Upon review of the data in Table 6 and comparing it to Table 5, it appears there is a sharp increase (compared to digitized material) in filenaming characteristics including the date a digital file was created, though using a modification date in the filename seems to still not be a priority. Again, institutional identifiers seemed to be more prevalent in non-museum/gallery settings, and both collection and item identifiers are common practices for born-digital filenaming. The use of sub-unit identifiers (recto, verso, page 1, side A, etc.) does become less prevalent with born digital materials when compared to digitized materials, likely due to the significant characteristics of digital materials vs. physical materials. Due to the phrasing of the survey question, participants’ answers may refer to either born digital files given to the institution (and then renamed) and born digital files created by the institution (therefore named upon creation).

Organizational beliefs on the purpose and characteristics of filenaming

In addition to benchmarking how organizations name digitized and born-digital files, the survey sought to gauge foundational beliefs about filenaming that could influence an organization’s approach to creating filenaming convention(s).

 

The data in Table 7 supports the idea that filenames should be both human and machine-readable. The majority of institutions either agreed or strongly agreed that filenames should be meaningful to both humans and computers. No respondents strongly disagreed, and a few respondents were neutral in their opinion. This desire for meaningfulness in filenaming is also supported by the findings in Table 8, which indicates that most institutions either disagree or strongly disagree that filenames should be randomly generated by software or a system managing the files.

 

Questions in the survey also addressed whether the meaning of filenames should be understood both inside and outside the organization. Most respondents either agreed or strongly agreed that filenaming should primarily be meaningful to the person or organization managing the files (see Table 9). Between 19.6% and 27.6% of each type of organization were neutral in their opinion. It is interesting to note, however, that 11.8% of respondents working in an archives/special collections setting and 15.8% of respondents working in a museum/gallery setting disagreed that filenames should mainly serve to provide meaning to internal stakeholders.
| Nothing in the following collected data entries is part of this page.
Section Definite.
Variables (k : nat) (K : 'M[R]_k).
Hypotheses (K_sym : K^T = K) (K_pd : forall x, x != 0 -> 0 < bform K x x).

Lemma posdef_psd x : 0 <= bform K x x.
Proof.
have [->|/K_pd/ltW //] := eqVneq x 0.
by rewrite /bform !mul0mx mxE.
Qed.

Lemma posdef_unitmx : K \in unitmx.
Proof.
rewrite -row_free_unit -kermx_eq0; apply: contraT => /rowV0Pn [v /sub_kermxP vK v_nz].
by have := K_pd v_nz; rewrite /bform vK mul0mx mxE ltxx.
Qed.

Lemma bform_invmx z : bform (invmx K) z z = bform K (z *m invmx K) (z *m invmx K).
Proof.
by rewrite /bform trmx_mul trmx_inv K_sym !mulmxA mulmxKV // posdef_unitmx.
Qed.

Lemma posdef_invmx z : z != 0 -> 0 < bform (invmx K) z z.
Proof.
move=> z_nz; rewrite bform_invmx; apply: K_pd; apply: contraNneq z_nz => zK0.
by rewrite -(mulmxKV posdef_unitmx z) zK0 mul0mx.
Qed.

End Definite.

End BilinearForm.


Section RealSymmetric.
Variable R : rcfType.
Local Notation C := R[i].
Local Notation toC := (real_complex R).
Local Open Scope sesquilinear_scope.

Lemma map_Re_mulmx m p q (v : 'M[C]_(m, p)) (S : 'M[R]_(p, q)) :
  map_mx (@complex.Re R) (v *m map_mx toC S) = map_mx (@complex.Re R) v *m S.
Proof.
apply/matrixP => a b; rewrite !mxE (raddf_sum (@complex.Re R : Rcomplex R -> R)).
by apply: eq_bigr => j _; rewrite !mxE; case: (v a j) => x y /=; rewrite mulr0 subr0.
Qed.

Lemma map_Im_mulmx m p q (v : 'M[C]_(m, p)) (S : 'M[R]_(p, q)) :
  map_mx (@complex.Im R) (v *m map_mx toC S) = map_mx (@complex.Im R) v *m S.
Proof.
apply/matrixP => a b; rewrite !mxE (raddf_sum (@complex.Im R : Rcomplex R -> R)).
by apply: eq_bigr => j _; rewrite !mxE; case: (v a j) => x y /=; rewrite mulr0 add0r.
Qed.

Lemma trmxC_real m p (x : 'M[R]_(m, p)) : (map_mx toC x)^t* = map_mx toC x^T.
Proof. by apply/matrixP => a b; rewrite !mxE conj_Creal // complex_real. Qed.

Lemma hermitian_top_eigenvector n (H : 'M[C]_n.+1) : H^t* = H ->
  exists lam : R, exists2 u : 'rV[C]_n.+1, u != 0 /\ u *m H = toC lam *: u &
    forall x : 'rV_n.+1, (x *m H *m x^t*) 0 0 <= toC lam * (x *m x^t*) 0 0.
Proof.
move=> H_adj; have Hherm : H \is hermsymmx.
  by apply/is_hermitianmxP; rewrite expr0 scale1r H_adj.
have /orthomx_spectralP H_eq := hermitian_normalmx Hherm.
set P := spectralmx H in H_eq; set d := spectral_diag H in H_eq.
have P_unitary : P \is unitarymx := spectral_unitarymx H.
have P_unit : P \in unitmx := unitarymx_unit P_unitary.
have d_real j : d 0 j = toC (complex.Re (d 0 j)).
  by rewrite RRe_real //; move/mxOverP: (hermitian_spectral_diag_real Hherm); apply.
pose k := [arg max_(j > (ord0 : 'I_n.+1)) complex.Re (d 0 j)]%O.
have d_le j : d 0 j <= d 0 k.
  rewrite [d 0 j]d_real [d 0 k]d_real lecR /k.
  by case: arg_maxP => // m _; apply.
exists (complex.Re (d 0 k)); rewrite -d_real; exists (row k P).
  split.
    rewrite rowE mulmx_free_eq0 ?row_free_unit //.
    by apply/eqP => /matrixP/(_ 0 k); rewrite !mxE !eqxx => /eqP; rewrite oner_eq0.
  rewrite H_eq !mulmxA -row_mul mulmxV // row1 mul_mx_diag rowE scalemxAl.
  congr (_ *m _); apply/rowP => j; rewrite !mxE eqxx /=.
  by case: (eqVneq j k) => [->|_]; rewrite ?mulr1 ?mul1r ?mulr0 ?mul0r.
move=> x; rewrite H_eq invmx_unitary // !mulmxA.
set y := x *m P^t*; rewrite -(mulmxA _ P).
have -> : P *m x^t* = y^t* by rewrite /y trmx_mul map_mxM trmxCK.
have -> : x *m x^t* = y *m y^t*.
  by rewrite /y trmx_mul map_mxM trmxCK mulmxA -(mulmxA x) -invmx_unitary // mulVmx // mulmx1.
rewrite mul_mx_diag !mxE mulr_sumr; apply: ler_sum => j _; rewrite !mxE.
rewrite mulrAC [d 0 k * _]mulrC; apply: ler_wpM2l => //.
by rewrite mul_conjC_ge0.
Qed.

Lemma symmetric_top_eigenvector n (S : 'M[R]_n.+1) : S^T = S ->
  exists lam (y : 'rV[R]_n.+1), [/\ y != 0, y *m S = lam *: y &
     forall x, bform S x x <= lam * bform 1%:M x x].
Proof.
move=> S_sym; have [|lam [u [u_nz uS] rayleigh]] := @hermitian_top_eigenvector _ (map_mx toC S).
  by rewrite trmxC_real S_sym.
exists lam.
have ReS : map_mx (@complex.Re R) u *m S = lam *: map_mx (@complex.Re R) u.
  rewrite -map_Re_mulmx uS; apply/rowP => j; rewrite !mxE.
  by case: (u 0 j) => a b /=; rewrite mul0r subr0.
have ImS : map_mx (@complex.Im R) u *m S = lam *: map_mx (@complex.Im R) u.
  rewrite -map_Im_mulmx uS; apply/rowP => j; rewrite !mxE.
  by case: (u 0 j) => a b /=; rewrite mul0r addr0.
have realS x : bform S x x <= lam * bform 1%:M x x.
  have := rayleigh (map_mx toC x); rewrite /bform mulmx1 trmxC_real -!map_mxM !mxE.
  by rewrite -rmorphM lecR.
have [Re0|] := eqVneq (map_mx (@complex.Re R) u) 0; last by exists (map_mx (@complex.Re R) u).
have [Im0|] := eqVneq (map_mx (@complex.Im R) u) 0; last by exists (map_mx (@complex.Im R) u).
case/eqP: u_nz; apply/rowP => j.
move/rowP/(_ j): Re0; move/rowP/(_ j): Im0; rewrite !mxE.
by case: (u 0 j) => a b /= -> ->.
Qed.
End RealSymmetric.


Section GeneralizedEigen.
Variable R : rcfType.

(* Cauchy-Schwarz for the form of invmx M, applied to x M and x F F. *)
Lemma bform_sqr_le_of_conj_invmx n (M F : 'M[R]_n) lam :
  M^T = M -> (forall x, x != 0 -> 0 < bform M x x) -> F^T = F -> 0 <= lam ->
  (forall a, bform (F *m invmx M *m F) a a <= lam * bform 1%:M a a) ->
  forall x, bform (F *m F) x x <= lam * bform M x x.
Proof.
move=> M_sym M_pd F_sym lam_ge0 rayleigh x.
have M_unit := posdef_unitmx M_pd.
have Mi_sym : (invmx M)^T = invmx M by rewrite trmx_inv M_sym.
pose a := x *m F.
have FF : bform (F *m F) x x = bform 1%:M a a by rewrite /bform mulmx1 trmx_mul F_sym !mulmxA.
have cs := bform_CauchySchwarz Mi_sym (posdef_psd (posdef_invmx M_sym M_pd)) (x *m M) (a *m F).
have e1 : bform (invmx M) (x *m M) (a *m F) = bform 1%:M a a.
  by rewrite /bform mulmx1 (trmx_mul a F) F_sym mulmxK // mulmxA.
have e2 : bform (invmx M) (x *m M) (x *m M) = bform M x x.
  by rewrite /bform !trmx_mul M_sym mulmxK // mulmxA.
have e3 : bform (invmx M) (a *m F) (a *m F) = bform (F *m invmx M *m F) a a.
  by rewrite /bform trmx_mul F_sym !mulmxA.
rewrite e1 e2 e3 in cs.
rewrite FF; have [a0|a_neq0] := eqVneq (bform 1%:M a a) 0.
  by rewrite a0 mulr_ge0 // posdef_psd.
have a_gt0 : 0 < bform 1%:M a a by rewrite lt_def a_neq0 bform1_ge0.
rewrite -(ler_pM2r a_gt0) -expr2 (le_trans cs) // [lam * _]mulrC -mulrA.
by apply: ler_wpM2l; [exact: posdef_psd | exact: rayleigh].
Qed.

(* With F the square root of diag w, a top eigenvector y of the symmetric F M^-1 F
   yields the top generalized eigenvector y F M^-1. *)
Lemma generalized_top_eigenvector n (M : 'M[R]_n.+1) (w : 'I_n.+1 -> R) :
  M^T = M -> (forall x, x != 0 -> 0 < bform M x x) ->
  (forall j, 0 <= w j) -> (exists j, 0 < w j) ->
  exists lam (t : 'rV_n.+1), [/\ 0 < lam, t != 0,
     t *m diag_mx (\row_j w j) = lam *: (t *m M) &
     forall x, bform (diag_mx (\row_j w j)) x x <= lam * bform M x x].
Proof.
move=> M_sym M_pd w_ge0 [j0 wj0_gt0].
have M_unit := posdef_unitmx M_pd.
pose F := diag_mx (\row_j Num.sqrt (w j)).
have FF : F *m F = diag_mx (\row_j w j).
  by rewrite mulmx_diag; congr diag_mx; apply/rowP => j; rewrite !mxE -expr2 sqr_sqrtr.
have F_sym : F^T = F by rewrite tr_diag_mx.
pose S := F *m invmx M *m F.
have S_sym : S^T = S by rewrite !trmx_mul F_sym trmx_inv M_sym mulmxA.
have [lam [y [y_nz yS rayleigh]]] := symmetric_top_eigenvector S_sym.
have lam_gt0 : 0 < lam.
  pose e : 'rV[R]_n.+1 := delta_mx 0 j0.
  have eF : e *m F = Num.sqrt (w j0) *: e.
    apply/rowP => j; rewrite mul_mx_diag !mxE.
    by case: (eqVneq j j0) => [->|]; rewrite ?mulr1 ?mul1r ?mulr0 // andbF mul0r.
  have := rayleigh e; rewrite [bform 1%:M _ _]bform_delta mulmx1 mxE !eqxx mulr1.
  have -> : bform S e e = bform (invmx M) (e *m F) (e *m F).
    by rewrite /bform trmx_mul F_sym !mulmxA.
  rewrite eF bformZl bformZr mulrA -expr2 (sqr_sqrtr (ltW wj0_gt0)) => le_lam.
  apply: (lt_le_trans _ le_lam); rewrite mulr_gt0 // posdef_invmx //.
  by apply/eqP => /rowP/(_ j0); rewrite !mxE !eqxx => /eqP; rewrite oner_eq0.
exists lam, (y *m F *m invmx M); split => //.
- apply: contraNneq y_nz => t0.
  have yF0 : y *m F = 0 by rewrite -(mulmxKV M_unit (y *m F)) t0 mul0mx.
  have /eqP : lam *: y = 0 by rewrite -yS /S !mulmxA yF0 !mul0mx.
  by rewrite scaler_eq0 (gt_eqF lam_gt0).
- rewrite mulmxKV // -FF.
  have -> : y *m F *m invmx M *m (F *m F) = y *m S *m F by rewrite /S !mulmxA.
  by rewrite yS scalemxAl.
- by rewrite -FF; apply: bform_sqr_le_of_conj_invmx => //; exact: ltW.
Qed.
End GeneralizedEigen.


Section SimpleEigenvalue.
Variable F : fieldType.

Definition insert0 n (k : 'I_n.+1) (y : 'rV[F]_n) : 'rV[F]_n.+1 :=
  \row_b if unlift k b is Some j then y 0 j else 0.

Lemma insert0_id n (k : 'I_n.+1) y : insert0 k y 0 k = 0.
Proof. by rewrite mxE unlift_none. Qed.

Lemma insert0_lift n (k : 'I_n.+1) y j : insert0 k y 0 (lift k j) = y 0 j.
Proof. by rewrite mxE liftK. Qed.

Lemma insert0N n (k : 'I_n.+1) y : insert0 k (- y) = - insert0 k y.
Proof. by apply/rowP => b; rewrite !mxE; case: unlift => [j|]; rewrite ?mxE ?oppr0. Qed.

Lemma char_poly_conj n (P A : 'M[F]_n) :
  P \in unitmx -> char_poly (P *m A *m invmx P) = char_poly A.
Proof.
move=> P_unit; have PPi : map_mx polyC P *m map_mx polyC (invmx P) = 1%:M.
  by rewrite -map_mxM mulmxV // map_mx1.
rewrite /char_poly; have -> : char_poly_mx (P *m A *m invmx P) =
    map_mx polyC P *m char_poly_mx A *m map_mx polyC (invmx P).
  by rewrite /char_poly_mx mulmxBr mulmxBl scalar_mxC -(mulmxA 'X%:M) PPi mulmx1 -!map_mxM.
by rewrite !det_mulmx mulrAC -det_mulmx PPi det1 mul1r.
Qed.

Lemma char_poly_row_eigen n (T : 'M[F]_n.+1) k lam :
  row k T = lam *: delta_mx 0 k ->
  char_poly T = ('X - lam%:P) * char_poly (row' k (col' k T)).
Proof.
move=> /rowP Tk; have {}Tk b : T k b = lam * (b == k)%:R.
  by have := Tk b; rewrite !mxE eq_sym.
rewrite /char_poly (expand_det_row _ k) (bigD1 k) //= big1 => [|b /negPf bk].
  rewrite addr0 /cofactor -signr_odd addnn odd_double mul1r.
  by rewrite row'_col'_char_poly_mx !mxE eqxx Tk eqxx mulr1.
by rewrite !mxE Tk bk mulr0 eq_sym bk subr0 mul0r.
Qed.

Lemma row_completion_unitmx n (u : 'rV[F]_n) k : u 0 k != 0 ->
  exists2 P : 'M_n, P \in unitmx & row k P = u.
Proof.
move=> uk_neq0; pose P : 'M_n := \matrix_(a, b) if a == k then u 0 b else (a == b)%:R.
exists P; last by apply/rowP => b; rewrite !mxE eqxx.
rewrite unitmxE unitfE (expand_det_row _ k) (bigD1 k) //= big1 => [|b bk].
  rewrite addr0 mxE eqxx /cofactor -signr_odd addnn odd_double mul1r.
  have -> : row' k (col' k P) = 1%:M.
    by apply/matrixP => a b; rewrite !mxE eq_sym (negPf (neq_lift k a)) (inj_eq lift_inj).
  by rewrite det1 mulr1.
rewrite eq_sym in bk; have [a -> _] := unlift_some bk.
rewrite /cofactor (expand_det_row _ a) big1 ?mulr0 // => c _.
by rewrite !mxE eq_sym (negPf (neq_lift k a)) (negPf (neq_lift _ c)) mul0r.
Qed.

Lemma insert0_eigen n (T : 'M[F]_n.+1) k lam (y : 'rV_n) :
  y *m row' k (col' k T) = lam *: y ->
  insert0 k y *m T = lam *: insert0 k y + (insert0 k y *m T) 0 k *: delta_mx 0 k.
Proof.
move=> /rowP yT; have {}yT j : \sum_a y 0 a * T (lift k a) (lift k j) = lam * y 0 j.
  by have := yT j; rewrite !mxE; under eq_bigr do rewrite !mxE.
apply/rowP => b; rewrite !mxE eqxx /=.
case: (unliftP k b) => [j ->|->]; last by rewrite eqxx mulr0 mulr1 add0r.
rewrite eq_sym (negPf (neq_lift k j)) mulr0 addr0 -yT.
rewrite (bigD1_ord k) //= insert0_id mul0r add0r; apply: eq_bigr => a _.
by rewrite insert0_lift.
Qed.

(* Conjugating A so that its row k becomes lam e_k splits off the factor X - lam; a root lam
   of the remaining factor would produce a Jordan chain w A = lam w + c u. *)
Lemma mup_char_poly_eq1 n (A : 'M[F]_n.+1) lam (u : 'rV_n.+1) :
  u != 0 -> u *m A = lam *: u ->
  (forall (w : 'rV_n.+1) c, w *m A = lam *: w + c *: u ->
      c = 0 /\ exists a, w = a *: u) ->
  mup lam (char_poly A) = 1%N.
Proof.
move=> u_nz uA no_chain; have /rV0Pn [k uk_neq0] := u_nz.
have [P P_unit Pk] := row_completion_unitmx uk_neq0.
pose T := P *m A *m invmx P.
have TP : T *m P = P *m A by rewrite mulmxKV.
have Tk : row k T = lam *: delta_mx 0 k.
  by rewrite !row_mul Pk uA -scalemxAl -Pk -row_mul mulmxV // row1.
rewrite -(char_poly_conj A P_unit) -/T (char_poly_row_eigen Tk) mupMl.
  by rewrite -[X in mup _ X]expr1 mup_XsubCX eqxx.
rewrite -eigenvalue_root_char; apply/eigenvalueP => -[y yT y_nz].
have zT := insert0_eigen yT; set z := insert0 k y in zT; set c := (z *m T) 0 k in zT.
have [_ [a za]] : c = 0 /\ exists a, z *m P = a *: u.
  by apply: no_chain; rewrite -mulmxA -TP mulmxA zT mulmxDl -!scalemxAl -rowE Pk.
have za' : z = a *: delta_mx 0 k.
  by rewrite -(mulmxK P_unit z) za -Pk rowE scalemxAl mulmxK.
have a0 : a = 0 by have := insert0_id k y; rewrite -/z za' !mxE !eqxx mulr1.
by case/eqP: y_nz; apply/rowP => j; rewrite -(insert0_lift k) -/z za' a0 scale0r !mxE.
Qed.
This might indicate that the filenames in use might be serving as an access point for the users of these specific institutions. In looking at all organizational attitudes toward whether filenames should be understandable to individuals outside of an organization, institutions seem particularly divided in opinion (see Table 10). This could indicate that decisions to make files externally meaningful are intimately linked to service models, workflows, access points, and other defining qualities of an institution’s operational approach.

 

Table 7: Levels of agreement regarding human vs. machine-readable

Organization Type
Academic Library Public Library Archives/Special Collections Museum/Gallery Other (please explain)
Count Column N % Count Column N % Count Column N % Count Column N % Count Column N %
Filenames should be BOTH meaningful to humans/organizations AND machine readable. Strongly disagree 0 0.0% 0 0.0% 0 0.0% 0 0.0% 0 0.0%
Disagree 3 3.4% 0 0.0% 0 0.0% 5 13.2% 2 6.9%
Neither Agree nor Disagree 13 14.9% 2 40.0% 6 11.8% 3 7.9% 1 3.4%
Agree 27 31.0% 2 40.0% 20 39.2% 12 31.6% 10 34.5%
Strongly Agree 44 50.6% 1 20.0% 25 49.0% 18 47.4% 16 55.2%

 

Table 8: Levels of agreement regarding name assignment

Organization Type
Academic Library Public Library Archives/Special Collections Museum/Gallery Other (please explain)
Count Column N % Count Column N % Count Column N % Count Column N % Count Column N %
Filenames should be randomly assigned by the software or system managing the files. Strongly disagree 29 33.3% 1 20.0% 22 43.1% 16 42.1% 11 37.9%
Disagree 29 33.3% 3 60.0% 16 31.4% 9 23.7% 7 24.1%
Neither Agree nor Disagree 17 19.5% 0 0.0% 9 17.6% 9 23.7% 8 27.6%
Agree 9 10.3% 0 0.0% 3 5.9% 2 5.3% 2 6.9%
Strongly Agree 3 3.4% 1 20.0% 1 2.0% 2 5.3% 1 3.4%

 

Table 9: Levels of agreement regarding external understandability

Organization Type
Academic Library Public Library Archives/Special Collections Museum/Gallery Other (please explain)
Count Column N % Count Column N % Count Column N % Count Column N % Count Column N %
It is important for filenames to be understandable to individuals outside of my organization. Strongly disagree 7 8.0% 0 0.0% 5 9.8% 4 10.5% 0 0.0%
Disagree 18 20.7% 1 20.0% 9 17.6% 8 21.1% 9 31.0%
Neither Agree nor Disagree 27 31.0% 2 40.0% 11 21.6% 14 36.8% 6 20.7%
Agree 28 32.2% 1 20.0% 17 33.3% 9 23.7% 6 20.7%
Strongly Agree 7 8.0% 1 20.0% 9 17.6% 3 7.9% 8 27.6%

 

Table 10: Levels of agreement regarding internal understandability

Organization Type
Academic Library Public Library Archives/Special Collections Museum/Gallery Other (please explain)
Count Column N % Count Column N % Count Column N % Count Column N % Count Column N %
Filenames should primarily be meaningful to the person or organization managing the files. Strongly disagree 1 1.1% 0 0.0% 0 0.0% 2 5.3% 1 3.4%
Disagree 8 9.2% 0 0.0% 6 11.8% 6 15.8% 2 6.9%
Neither Agree nor Disagree 20 23.0% 0 0.0% 10 19.6% 9 23.7% 8 27.6%
Agree 35 40.2% 4 80.0% 15 29.4% 10 26.3% 12 41.4%
Strongly Agree 23 26.4% 1 20.0% 20 39.2% 11 28.9% 6 20.7%

Job roles and importance of filenaming to workflows

The survey also sought to understand if individuals with particular job roles might have different perspectives on the importance of filenaming. Several statements were listed to gauge how filenaming supports and enhances both short- and long-term job functions. Some of these statements are listed below, along with an interpretation of the collected data.

 

Filenaming is important to the productivity of the unit producing the files.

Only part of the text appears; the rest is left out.